● Task item
The listing is to be reproduced in full, with no character altered.

● Material to process
Lemma ler_abs_dot_l2R (R : realType) n (u v : 'I_n -> R) :
  `|\sum_a u a * v a| <= l2R u * l2R v.
Proof.
have sumsq_ge0 (w : 'I_n -> R) : 0 <= \sum_a w a ^+ 2.
  by apply: sumr_ge0 => a _; exact: sqr_ge0.
rewrite /l2R -sqrtrM // -sqrtr_sqr ler_sqrt ?mulr_ge0 // -subr_ge0.
have lagrange : \sum_a \sum_b (u a * v b - u b * v a) ^+ 2 =
    2 * ((\sum_a u a ^+ 2) * (\sum_b v b ^+ 2) - (\sum_a u a * v a) ^+ 2).
  have swap : \sum_a \sum_b u a ^+ 2 * v b ^+ 2 = \sum_a \sum_b u b ^+ 2 * v a ^+ 2.
    exact: exchange_big.
  rewrite expr2 !big_distrlr /= mulrBr mulr2n mulrDl mul1r {2}swap.
  rewrite -big_split /= mulr_sumr -sumrB; apply: eq_bigr => a _.
  rewrite -big_split /= mulr_sumr -sumrB; apply: eq_bigr => b _.
  ring.
rewrite -(pmulr_rge0 _ (ltr0n _ 2)) -lagrange.
by apply: sumr_ge0 => a _; apply: sumr_ge0 => b _; exact: sqr_ge0.
Qed.

Section UNorm.
Variables (R : realType) (n : nat) (U : seq 'rV[R]_n).

Lemma unormR_ge0 r (T : tensor R n r) : 0 <= unormR U T.
Proof. exact: bigmax_ge_id. Qed.
Lemma weighted_prod_succ_le n : c <= INR (S n) ->
  weighted_prod (S n) <= weighted_prod n.
Proof.
  intros Hn. unfold weighted_prod. cbn [prod_1_sub_div].
  set (m := INR (S n)) in *. assert (Hm : 0 < m) by lra.
  assert (Hsplit : m + 1 = m * (1 + / m)) by (field; lra).
  assert (Hfac : 0 <= 1 - c / m).
  { assert (Hle : c / m <= m / m)
      by (apply Rmult_le_compat_r; [left; now apply Rinv_0_lt_compat | exact Hn]).
    unfold Rdiv at 2 in Hle. rewrite Rinv_r in Hle by lra. lra. }
  rewrite Hsplit, <- Rpower_mult_distr by (try lra; pose proof (Rinv_0_lt_compat m Hm); lra).
  rewrite Rabs_mult, (Rabs_pos_eq _ Hfac).
  replace (INR n + 1) with m by (unfold m; rewrite S_INR; ring).
  pose proof (one_sub_div_mul_Rpower_le c m (Rlt_le _ _ hc) Hm) as Hstep.
  assert (Hw : 0 <= Rabs (prod_1_sub_div c n) * Rpower m c)
    by (apply Rmult_le_pos; [apply Rabs_pos | left; apply exp_pos]).
  replace (_ * _ * (Rpower m c * Rpower (1 + / m) c))
    with (Rabs (prod_1_sub_div c n) * Rpower m c * ((1 - c / m) * Rpower (1 + / m) c))
    by ring.
  rewrite <- (Rmult_1_r (_ * Rpower m c)) at 2.
  now apply Rmult_le_compat_l.
Qed.

Lemma weighted_prod_le K n : c <= INR K -> (K <= n)%nat ->
  weighted_prod n <= weighted_prod K.
Proof.
  intros HK Hn. induction Hn as [|n Hn IH]; [lra|].
  apply Rle_trans with (weighted_prod n); [|exact IH].
  apply weighted_prod_succ_le. rewrite S_INR.
  pose proof (le_INR _ _ Hn). lra.
Qed.

Lemma Rpower_succ_cv_infty : cv_infty (fun n => Rpower (INR n + 1) c).
Proof.
  intros M. assert (HM' : 0 < Rmax M 1) by (pose proof (Rmax_r M 1); lra).
  set (M' := Rmax M 1) in *.
  destruct (INR_unbounded (Rpower M' (/ c))) as [N HN].
  exists N. intros n Hn.
  apply Rle_lt_trans with M'; [apply Rmax_l|].
  replace M' with (Rpower (Rpower M' (/ c)) c) at 1
    by (rewrite Rpower_mult, Rinv_l, Rpower_1 by lra; reflexivity).
  apply Rlt_Rpower_l; [exact hc|]. split; [apply exp_pos|].
  pose proof (le_INR _ _ Hn). lra.
Qed.

Lemma prod_1_sub_div_cv0 : Un_cv (prod_1_sub_div c) 0.
Proof.
  destruct (INR_unbounded c) as [K HK].
  assert (Hdecay : Un_cv (fun n => weighted_prod K * / Rpower (INR n + 1) c) 0).
  { rewrite <- (Rmult_0_r (weighted_prod K)).
    apply CV_mult; [apply Un_cv_const|].
    apply cv_infty_cv_0, Rpower_succ_cv_infty. }
  intros e He. destruct (Hdecay e He) as [N HN]. exists (max N K). intros n Hn.
  apply Rle_lt_trans with (weighted_prod K * / Rpower (INR n + 1) c).
  - unfold Rdist. rewrite Rminus_0_r.
    assert (Hpow : 0 < Rpower (INR n + 1) c) by apply exp_pos.
    apply (Rmult_le_reg_r (Rpower (INR n + 1) c)); [exact Hpow|].
    rewrite Rmult_assoc, Rinv_l by lra. rewrite Rmult_1_r.
    apply weighted_prod_le; [lra | lia].
  - specialize (HN n ltac:(lia)). unfold Rdist in HN. rewrite Rminus_0_r in HN.
    eapply Rle_lt_trans; [apply RRle_abs | exact HN].
Qed.
End ProdDecay.
Lemma spectral_level_function (F : R -> R -> Z * G) :
  spectral_resolution2 le k F -> level_function (fun s t => (F s t).1) (Z.of_nat k).
Proof.
move=> [F_M [F_mono [_ [F_sup [_ [_ F_vol]]]]]]; split.
- by move=> s t; have [_ /lexle_fst] := F_M s t.
- by move=> s t s' t' le_s le_t; apply/lexle_fst/F_mono.
- move=> a1 a2 b1 b2 le_1 le_2; have [/lexle_fst + _] := F_vol a1 a2 b1 b2 le_1 le_2.
  by rewrite /lexadd /lexsub /=; lia.
- move=> s t.
  have [lo_M _] := F_M (Rminus s 1) (Rminus t 1).
  have S_lo : exists s' t', [/\ Rlt s' s, Rlt t' t & F (Rminus s 1) (Rminus t 1) = F s' t'].
    by exists (Rminus s 1), (Rminus t 1); split => //; lra.
  have [_ [[s' [t' [lt_s lt_t ->]]] le_fst]] :=
    IsSupM_fst_attained (F_sup s t) S_lo (lexle_fst lo_M).
  by exists s', t'.
Qed.
End LexicographicOrder.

● Solution to the exercise
Lemma ler_abs_dot_l2R (R : realType) n (u v : 'I_n -> R) :
  `|\sum_a u a * v a| <= l2R u * l2R v.
Proof.
have sumsq_ge0 (w : 'I_n -> R) : 0 <= \sum_a w a ^+ 2.
  by apply: sumr_ge0 => a _; exact: sqr_ge0.
rewrite /l2R -sqrtrM // -sqrtr_sqr ler_sqrt ?mulr_ge0 // -subr_ge0.
have lagrange : \sum_a \sum_b (u a * v b - u b * v a) ^+ 2 =
    2 * ((\sum_a u a ^+ 2) * (\sum_b v b ^+ 2) - (\sum_a u a * v a) ^+ 2).
  have swap : \sum_a \sum_b u a ^+ 2 * v b ^+ 2 = \sum_a \sum_b u b ^+ 2 * v a ^+ 2.
    exact: exchange_big.
  rewrite expr2 !big_distrlr /= mulrBr mulr2n mulrDl mul1r {2}swap.
  rewrite -big_split /= mulr_sumr -sumrB; apply: eq_bigr => a _.
  rewrite -big_split /= mulr_sumr -sumrB; apply: eq_bigr => b _.
  ring.
rewrite -(pmulr_rge0 _ (ltr0n _ 2)) -lagrange.
by apply: sumr_ge0 => a _; apply: sumr_ge0 => b _; exact: sqr_ge0.
Qed.

Section UNorm.
Variables (R : realType) (n : nat) (U : seq 'rV[R]_n).

Lemma unormR_ge0 r (T : tensor R n r) : 0 <= unormR U T.
Proof. exact: bigmax_ge_id. Qed.
Lemma weighted_prod_succ_le n : c <= INR (S n) ->
  weighted_prod (S n) <= weighted_prod n.
Proof.
  intros Hn. unfold weighted_prod. cbn [prod_1_sub_div].
  set (m := INR (S n)) in *. assert (Hm : 0 < m) by lra.
  assert (Hsplit : m + 1 = m * (1 + / m)) by (field; lra).
  assert (Hfac : 0 <= 1 - c / m).
  { assert (Hle : c / m <= m / m)
      by (apply Rmult_le_compat_r; [left; now apply Rinv_0_lt_compat | exact Hn]).
    unfold Rdiv at 2 in Hle. rewrite Rinv_r in Hle by lra. lra. }
  rewrite Hsplit, <- Rpower_mult_distr by (try lra; pose proof (Rinv_0_lt_compat m Hm); lra).
  rewrite Rabs_mult, (Rabs_pos_eq _ Hfac).
  replace (INR n + 1) with m by (unfold m; rewrite S_INR; ring).
  pose proof (one_sub_div_mul_Rpower_le c m (Rlt_le _ _ hc) Hm) as Hstep.
  assert (Hw : 0 <= Rabs (prod_1_sub_div c n) * Rpower m c)
    by (apply Rmult_le_pos; [apply Rabs_pos | left; apply exp_pos]).
  replace (_ * _ * (Rpower m c * Rpower (1 + / m) c))
    with (Rabs (prod_1_sub_div c n) * Rpower m c * ((1 - c / m) * Rpower (1 + / m) c))
    by ring.
  rewrite <- (Rmult_1_r (_ * Rpower m c)) at 2.
  now apply Rmult_le_compat_l.
Qed.

Lemma weighted_prod_le K n : c <= INR K -> (K <= n)%nat ->
  weighted_prod n <= weighted_prod K.
Proof.
  intros HK Hn. induction Hn as [|n Hn IH]; [lra|].
  apply Rle_trans with (weighted_prod n); [|exact IH].
  apply weighted_prod_succ_le. rewrite S_INR.
  pose proof (le_INR _ _ Hn). lra.
Qed.

Lemma Rpower_succ_cv_infty : cv_infty (fun n => Rpower (INR n + 1) c).
Proof.
  intros M. assert (HM' : 0 < Rmax M 1) by (pose proof (Rmax_r M 1); lra).
  set (M' := Rmax M 1) in *.
  destruct (INR_unbounded (Rpower M' (/ c))) as [N HN].
  exists N. intros n Hn.
  apply Rle_lt_trans with M'; [apply Rmax_l|].
  replace M' with (Rpower (Rpower M' (/ c)) c) at 1
    by (rewrite Rpower_mult, Rinv_l, Rpower_1 by lra; reflexivity).
  apply Rlt_Rpower_l; [exact hc|]. split; [apply exp_pos|].
  pose proof (le_INR _ _ Hn). lra.
Qed.

Lemma prod_1_sub_div_cv0 : Un_cv (prod_1_sub_div c) 0.
Proof.
  destruct (INR_unbounded c) as [K HK].
  assert (Hdecay : Un_cv (fun n => weighted_prod K * / Rpower (INR n + 1) c) 0).
  { rewrite <- (Rmult_0_r (weighted_prod K)).
    apply CV_mult; [apply Un_cv_const|].
    apply cv_infty_cv_0, Rpower_succ_cv_infty. }
  intros e He. destruct (Hdecay e He) as [N HN]. exists (max N K). intros n Hn.
  apply Rle_lt_trans with (weighted_prod K * / Rpower (INR n + 1) c).
  - unfold Rdist. rewrite Rminus_0_r.
    assert (Hpow : 0 < Rpower (INR n + 1) c) by apply exp_pos.
    apply (Rmult_le_reg_r (Rpower (INR n + 1) c)); [exact Hpow|].
    rewrite Rmult_assoc, Rinv_l by lra. rewrite Rmult_1_r.
    apply weighted_prod_le; [lra | lia].
  - specialize (HN n ltac:(lia)). unfold Rdist in HN. rewrite Rminus_0_r in HN.
    eapply Rle_lt_trans; [apply RRle_abs | exact HN].
Qed.
End ProdDecay.
Lemma spectral_level_function (F : R -> R -> Z * G) :
  spectral_resolution2 le k F -> level_function (fun s t => (F s t).1) (Z.of_nat k).
Proof.
move=> [F_M [F_mono [_ [F_sup [_ [_ F_vol]]]]]]; split.
- by move=> s t; have [_ /lexle_fst] := F_M s t.
- by move=> s t s' t' le_s le_t; apply/lexle_fst/F_mono.
- move=> a1 a2 b1 b2 le_1 le_2; have [/lexle_fst + _] := F_vol a1 a2 b1 b2 le_1 le_2.
  by rewrite /lexadd /lexsub /=; lia.
- move=> s t.
  have [lo_M _] := F_M (Rminus s 1) (Rminus t 1).
  have S_lo : exists s' t', [/\ Rlt s' s, Rlt t' t & F (Rminus s 1) (Rminus t 1) = F s' t'].
    by exists (Rminus s 1), (Rminus t 1); split => //; lra.
  have [_ [[s' [t' [lt_s lt_t ->]]] le_fst]] :=
    IsSupM_fst_attained (F_sup s t) S_lo (lexle_fst lo_M).
  by exists s', t'.
Qed.
End LexicographicOrder.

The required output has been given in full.